The United States District Court for the Central District of California, applying California law, has held that antitrust exclusions in two D&O policies did not bar coverage for a class action against an insured sports equipment manufacturer asserting violations of consumer protection laws. James River Ins. Co. v. Rawlings Sporting Goods Co., 2021 WL 346418 (C.D. Cal. Jan. 25, 2021).

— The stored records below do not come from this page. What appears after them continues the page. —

(* Let $k, r, a, b, m, n$ be integers satisfying $$k\geq 1,\quad 0\leq a\leq m,\quad \max\{0,ka-r\}<b\leq n,\quad n>km-r.$$ Let $\mathcal{L}_{k,r}(a,b;m,n)$ be the set of lattice paths from $(a,b)$ to $(m,n)$ with unit steps $(1,0)$ and $(0,1)$ that stay strictly above the line $y=kx-r$. Then $$|\mathcal{L}_{k,r}(a,b;m,n)|=\sum_{i=0}^{\lfloor\frac{b+r-1-ka}{k+1}\rfloor}(-1)^i\,\frac{n+r-km}{m+n+r-(k+1)(a+i)}\binom{m+n+r-(k+1)(a+i)}{m-a-i}\binom{b+r-1-k(a+i)}{i}.$$
   Context: A path stays strictly above the line $y=kx-r$ if every lattice point $(x,y)$ on it satisfies $y> kx-r$. $\lfloor x\rfloor$ is the floor function. Binomial coefficients $\binom{N}{j}$ with $N\ge0$ equal $0$ when $j<0$ or $j>N$. *)

From HB Require Import structures.
From mathcomp Require Import all_boot all_order all_algebra.
Set Implicit Arguments. Unset Strict Implicit. Unset Printing Implicit Defensive.
Import Order.TTheory GRing.Theory Num.Theory.
Local Open Scope ring_scope.

(* A lattice path is encoded by its sequence of unit steps:
   true = (1,0) (east), false = (0,1) (north). *)

Fixpoint path_end (x y : int) (s : seq bool) : int * int :=
  match s with
  | [::] => (x, y)
  | st :: s' => if st then path_end (x + 1) y s' else path_end x (y + 1) s'
  end.

Fixpoint strictly_above (k r x y : int) (s : seq bool) : bool :=
  (k * x - r < y) &&
  match s with
  | [::] => true
  | st :: s' => if st then strictly_above k r (x + 1) y s'
                else strictly_above k r x (y + 1) s'
  end.

Definition nsteps (a b m n : int) : nat := `|m - a|%N + `|n - b|%N.

Definition Lpaths (k r a b m n : int) : {set (nsteps a b m n).-tuple bool} :=
  [set t : (nsteps a b m n).-tuple bool |
     (path_end a b t == (m, n)) && strictly_above k r a b t].

(* binomial coefficient with integer arguments, for N >= 0;
   equals 0 when j < 0 or j > N (value for N < 0 is irrelevant here). *)
Definition binz (N j : int) : int :=
  if (0 <= N) && (0 <= j) then ('C(`|N|, `|j|))%:Z else 0.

The insured sports equipment manufacturer produces baseball equipment. A group of baseball bat buyers filed a class action against the manufacturer, alleging that it misrepresented the weight of its baseball bats in violation of several consumer protection laws, including California’s Unfair Competition Law, False Advertising Law, and Consumer Legal Remedies Act. The manufacturer tendered the suit to its D&O insurer, which denied coverage under policies issued to the manufacturer and its parent company. The manufacturer’s CGL insurer subsequently filed a declaratory judgment action seeking a determination that its policy did not cover the class action and asserting counterclaims against the D&O insurer for allegedly breaching its duties to defend and indemnify under the D&O policies. The manufacturer and the D&O insurer both filed motions for summary judgment based on the application of an exclusion for claims alleging “any violation of any law” with respect to “anti-trust, business competition, unfair trade practices or tortious interference.”
The court concluded that the exclusion did not bar coverage and interpreted the phrase “unfair trade practices” to refer to anti-competitive business conduct, but not consumer protection claims. The court reasoned that the antitrust exclusion did not expressly include consumer protection claims or cite consumer protection laws, opining that “[i]t would be strange for [the insurer] to intend to include a consumer-protection component in an exclusion titled ‘Anti-Trust Exclusion’ without mentioning words such as ‘fraud,’ ‘misrepresentation’ or ‘consumer protection.’” In addition, the excluded conduct referred only to “anti-competitive business practices,” but not to “any conduct directed at consumers.” The court also noted that the policy did not specifically eliminate coverage for false advertising or misrepresentation in advertising or labeling. Accordingly, the court granted the insured’s motion for partial summary judgment and denied the D&O insurer’s motion for summary judgment.